Would you please retype, exactly, the lines of the listing below between the line with "Implicit Types A B J" and the line with "(leqnn (#|Y| - #|X|)) => k.", inclusive?

-------

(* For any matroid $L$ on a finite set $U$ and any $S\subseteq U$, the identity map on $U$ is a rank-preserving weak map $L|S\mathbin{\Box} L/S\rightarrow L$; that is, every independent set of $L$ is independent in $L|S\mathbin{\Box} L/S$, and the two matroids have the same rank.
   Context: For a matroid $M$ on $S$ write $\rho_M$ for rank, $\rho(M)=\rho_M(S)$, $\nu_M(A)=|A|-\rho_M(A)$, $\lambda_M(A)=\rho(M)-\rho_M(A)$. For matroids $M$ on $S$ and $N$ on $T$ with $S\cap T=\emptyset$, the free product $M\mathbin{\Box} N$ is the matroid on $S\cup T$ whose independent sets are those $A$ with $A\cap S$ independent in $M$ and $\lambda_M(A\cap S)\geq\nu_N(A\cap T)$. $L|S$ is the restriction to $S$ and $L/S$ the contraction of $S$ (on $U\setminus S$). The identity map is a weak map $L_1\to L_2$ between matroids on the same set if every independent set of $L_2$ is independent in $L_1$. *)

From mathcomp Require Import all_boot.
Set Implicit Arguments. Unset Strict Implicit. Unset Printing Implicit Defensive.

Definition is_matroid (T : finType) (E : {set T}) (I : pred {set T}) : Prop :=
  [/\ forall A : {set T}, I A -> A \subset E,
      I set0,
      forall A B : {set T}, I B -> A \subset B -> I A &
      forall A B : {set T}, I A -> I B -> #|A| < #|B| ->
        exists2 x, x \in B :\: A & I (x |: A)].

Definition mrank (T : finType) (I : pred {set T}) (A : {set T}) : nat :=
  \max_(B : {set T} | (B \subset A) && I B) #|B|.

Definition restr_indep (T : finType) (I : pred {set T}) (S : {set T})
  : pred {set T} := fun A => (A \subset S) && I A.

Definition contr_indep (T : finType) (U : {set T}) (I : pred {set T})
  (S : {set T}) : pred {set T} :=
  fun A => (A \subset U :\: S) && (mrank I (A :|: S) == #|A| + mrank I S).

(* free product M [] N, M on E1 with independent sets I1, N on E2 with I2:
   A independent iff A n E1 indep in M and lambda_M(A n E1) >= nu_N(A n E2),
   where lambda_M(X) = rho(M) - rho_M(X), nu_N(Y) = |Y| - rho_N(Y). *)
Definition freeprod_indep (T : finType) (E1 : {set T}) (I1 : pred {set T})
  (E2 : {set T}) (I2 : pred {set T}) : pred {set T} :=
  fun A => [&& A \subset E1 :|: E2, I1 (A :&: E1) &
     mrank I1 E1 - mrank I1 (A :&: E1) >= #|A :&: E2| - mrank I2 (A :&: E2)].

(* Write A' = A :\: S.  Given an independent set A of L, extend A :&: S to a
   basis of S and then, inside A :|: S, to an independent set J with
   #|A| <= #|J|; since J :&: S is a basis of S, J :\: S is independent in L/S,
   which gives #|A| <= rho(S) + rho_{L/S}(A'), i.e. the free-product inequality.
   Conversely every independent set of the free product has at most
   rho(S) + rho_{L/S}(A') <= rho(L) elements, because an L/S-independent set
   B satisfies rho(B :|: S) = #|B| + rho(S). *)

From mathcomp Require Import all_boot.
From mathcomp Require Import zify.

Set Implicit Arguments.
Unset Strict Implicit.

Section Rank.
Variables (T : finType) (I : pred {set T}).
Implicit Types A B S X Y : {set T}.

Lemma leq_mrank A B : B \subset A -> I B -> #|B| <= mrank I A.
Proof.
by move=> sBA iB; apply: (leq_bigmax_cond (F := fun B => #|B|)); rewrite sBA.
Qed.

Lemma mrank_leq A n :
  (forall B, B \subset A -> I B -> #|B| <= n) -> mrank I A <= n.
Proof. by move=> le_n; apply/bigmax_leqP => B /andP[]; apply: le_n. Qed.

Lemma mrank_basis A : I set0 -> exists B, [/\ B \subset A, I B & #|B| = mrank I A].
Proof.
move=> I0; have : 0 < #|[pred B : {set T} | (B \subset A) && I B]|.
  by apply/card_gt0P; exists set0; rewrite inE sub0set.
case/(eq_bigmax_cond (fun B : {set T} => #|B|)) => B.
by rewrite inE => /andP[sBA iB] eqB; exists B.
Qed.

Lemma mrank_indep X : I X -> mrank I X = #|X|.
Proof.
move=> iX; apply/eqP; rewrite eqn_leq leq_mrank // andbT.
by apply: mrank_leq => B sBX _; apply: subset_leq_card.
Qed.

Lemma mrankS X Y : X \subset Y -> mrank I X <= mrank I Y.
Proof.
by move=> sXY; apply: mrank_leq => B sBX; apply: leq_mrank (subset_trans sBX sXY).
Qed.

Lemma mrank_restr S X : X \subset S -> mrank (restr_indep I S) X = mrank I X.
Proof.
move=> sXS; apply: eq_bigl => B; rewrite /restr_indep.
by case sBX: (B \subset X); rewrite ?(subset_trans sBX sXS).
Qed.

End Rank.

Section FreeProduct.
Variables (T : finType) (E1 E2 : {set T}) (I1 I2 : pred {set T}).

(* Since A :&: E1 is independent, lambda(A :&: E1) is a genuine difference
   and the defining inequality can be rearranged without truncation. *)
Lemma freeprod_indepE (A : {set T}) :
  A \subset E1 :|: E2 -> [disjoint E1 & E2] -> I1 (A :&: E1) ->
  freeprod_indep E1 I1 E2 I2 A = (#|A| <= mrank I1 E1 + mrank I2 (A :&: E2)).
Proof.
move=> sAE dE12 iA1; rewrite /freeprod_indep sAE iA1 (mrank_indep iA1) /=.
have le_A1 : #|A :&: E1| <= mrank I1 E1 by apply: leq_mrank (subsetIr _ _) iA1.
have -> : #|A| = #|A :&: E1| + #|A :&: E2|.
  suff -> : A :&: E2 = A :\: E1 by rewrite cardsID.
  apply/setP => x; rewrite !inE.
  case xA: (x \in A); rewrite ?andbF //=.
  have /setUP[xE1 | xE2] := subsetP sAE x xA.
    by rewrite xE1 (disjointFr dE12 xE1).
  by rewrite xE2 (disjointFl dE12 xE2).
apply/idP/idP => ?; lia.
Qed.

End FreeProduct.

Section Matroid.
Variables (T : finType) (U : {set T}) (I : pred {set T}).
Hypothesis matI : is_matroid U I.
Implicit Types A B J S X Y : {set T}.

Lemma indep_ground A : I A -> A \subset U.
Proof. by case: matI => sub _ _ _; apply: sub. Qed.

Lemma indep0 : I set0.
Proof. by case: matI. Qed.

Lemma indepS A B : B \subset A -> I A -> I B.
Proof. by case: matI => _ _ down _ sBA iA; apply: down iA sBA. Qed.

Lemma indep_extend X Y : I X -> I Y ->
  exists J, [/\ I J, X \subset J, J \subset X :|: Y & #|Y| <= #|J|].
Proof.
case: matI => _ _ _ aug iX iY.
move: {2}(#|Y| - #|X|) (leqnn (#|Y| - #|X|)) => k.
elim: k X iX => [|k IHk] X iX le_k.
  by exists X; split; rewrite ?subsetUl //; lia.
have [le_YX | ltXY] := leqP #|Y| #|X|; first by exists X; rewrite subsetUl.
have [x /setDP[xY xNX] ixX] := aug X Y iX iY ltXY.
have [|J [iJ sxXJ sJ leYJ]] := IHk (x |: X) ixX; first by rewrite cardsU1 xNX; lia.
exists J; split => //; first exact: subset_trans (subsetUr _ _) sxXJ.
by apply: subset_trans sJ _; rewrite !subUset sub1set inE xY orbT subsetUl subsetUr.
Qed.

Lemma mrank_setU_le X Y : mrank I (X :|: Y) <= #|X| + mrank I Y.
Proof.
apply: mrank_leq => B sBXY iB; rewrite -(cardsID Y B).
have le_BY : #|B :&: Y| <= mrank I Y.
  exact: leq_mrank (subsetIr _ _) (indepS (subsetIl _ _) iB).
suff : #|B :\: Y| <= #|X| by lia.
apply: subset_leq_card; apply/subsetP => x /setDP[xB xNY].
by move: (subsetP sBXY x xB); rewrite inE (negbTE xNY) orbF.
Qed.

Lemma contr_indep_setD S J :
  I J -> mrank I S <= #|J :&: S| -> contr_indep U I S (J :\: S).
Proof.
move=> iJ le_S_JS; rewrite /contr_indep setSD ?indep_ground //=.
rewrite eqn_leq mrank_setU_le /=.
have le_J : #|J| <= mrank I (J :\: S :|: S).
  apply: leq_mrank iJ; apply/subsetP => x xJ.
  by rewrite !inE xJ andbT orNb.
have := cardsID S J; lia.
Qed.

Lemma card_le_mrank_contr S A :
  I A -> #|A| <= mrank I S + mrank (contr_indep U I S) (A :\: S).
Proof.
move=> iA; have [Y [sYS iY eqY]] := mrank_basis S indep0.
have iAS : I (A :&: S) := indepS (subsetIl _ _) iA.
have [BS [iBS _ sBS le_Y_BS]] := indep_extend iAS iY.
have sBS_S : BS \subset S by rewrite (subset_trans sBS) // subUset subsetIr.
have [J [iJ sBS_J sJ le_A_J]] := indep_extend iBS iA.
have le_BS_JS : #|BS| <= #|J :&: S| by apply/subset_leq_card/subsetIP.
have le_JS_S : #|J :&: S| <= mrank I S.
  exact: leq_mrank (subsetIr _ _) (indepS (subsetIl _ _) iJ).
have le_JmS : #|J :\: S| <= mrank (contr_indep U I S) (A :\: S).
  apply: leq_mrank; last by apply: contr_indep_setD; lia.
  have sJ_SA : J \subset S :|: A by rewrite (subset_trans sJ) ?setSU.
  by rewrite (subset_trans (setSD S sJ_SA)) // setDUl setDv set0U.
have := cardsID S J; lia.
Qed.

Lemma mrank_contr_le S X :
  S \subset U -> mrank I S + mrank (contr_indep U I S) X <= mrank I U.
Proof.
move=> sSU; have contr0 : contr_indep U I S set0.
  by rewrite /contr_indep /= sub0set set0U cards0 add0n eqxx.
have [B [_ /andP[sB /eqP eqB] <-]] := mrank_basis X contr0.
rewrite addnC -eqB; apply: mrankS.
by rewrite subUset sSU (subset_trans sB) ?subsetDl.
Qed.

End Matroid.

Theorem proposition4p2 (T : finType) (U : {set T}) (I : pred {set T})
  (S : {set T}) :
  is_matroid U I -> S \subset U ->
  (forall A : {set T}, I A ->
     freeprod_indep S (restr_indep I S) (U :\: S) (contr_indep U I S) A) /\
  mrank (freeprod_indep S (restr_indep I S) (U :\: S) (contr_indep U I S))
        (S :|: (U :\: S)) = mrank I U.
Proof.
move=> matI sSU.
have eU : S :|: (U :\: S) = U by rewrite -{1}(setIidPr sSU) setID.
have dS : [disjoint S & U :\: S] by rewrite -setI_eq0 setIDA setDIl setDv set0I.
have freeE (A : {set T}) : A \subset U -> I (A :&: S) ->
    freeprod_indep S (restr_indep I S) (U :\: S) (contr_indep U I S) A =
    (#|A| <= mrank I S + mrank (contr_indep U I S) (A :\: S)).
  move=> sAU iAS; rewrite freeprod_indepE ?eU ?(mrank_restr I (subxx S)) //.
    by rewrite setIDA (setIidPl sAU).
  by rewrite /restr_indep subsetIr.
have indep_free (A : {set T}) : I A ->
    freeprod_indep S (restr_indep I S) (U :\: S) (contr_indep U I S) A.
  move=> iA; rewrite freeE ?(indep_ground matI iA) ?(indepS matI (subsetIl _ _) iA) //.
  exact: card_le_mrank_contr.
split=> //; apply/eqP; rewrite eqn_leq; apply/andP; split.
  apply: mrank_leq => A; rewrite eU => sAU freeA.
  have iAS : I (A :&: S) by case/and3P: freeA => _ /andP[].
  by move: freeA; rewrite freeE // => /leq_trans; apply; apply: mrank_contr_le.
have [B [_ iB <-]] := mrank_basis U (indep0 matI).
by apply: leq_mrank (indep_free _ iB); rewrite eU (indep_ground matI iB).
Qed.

-------

Exercise output ->
Implicit Types A B J S X Y : {set T}.

Lemma indep_ground A : I A -> A \subset U.
Proof. by case: matI => sub _ _ _; apply: sub. Qed.

Lemma indep0 : I set0.
Proof. by case: matI. Qed.

Lemma indepS A B : B \subset A -> I A -> I B.
Proof. by case: matI => _ _ down _ sBA iA; apply: down iA sBA. Qed.

Lemma indep_extend X Y : I X -> I Y ->
  exists J, [/\ I J, X \subset J, J \subset X :|: Y & #|Y| <= #|J|].
Proof.
case: matI => _ _ _ aug iX iY.
move: {2}(#|Y| - #|X|) (leqnn (#|Y| - #|X|)) => k.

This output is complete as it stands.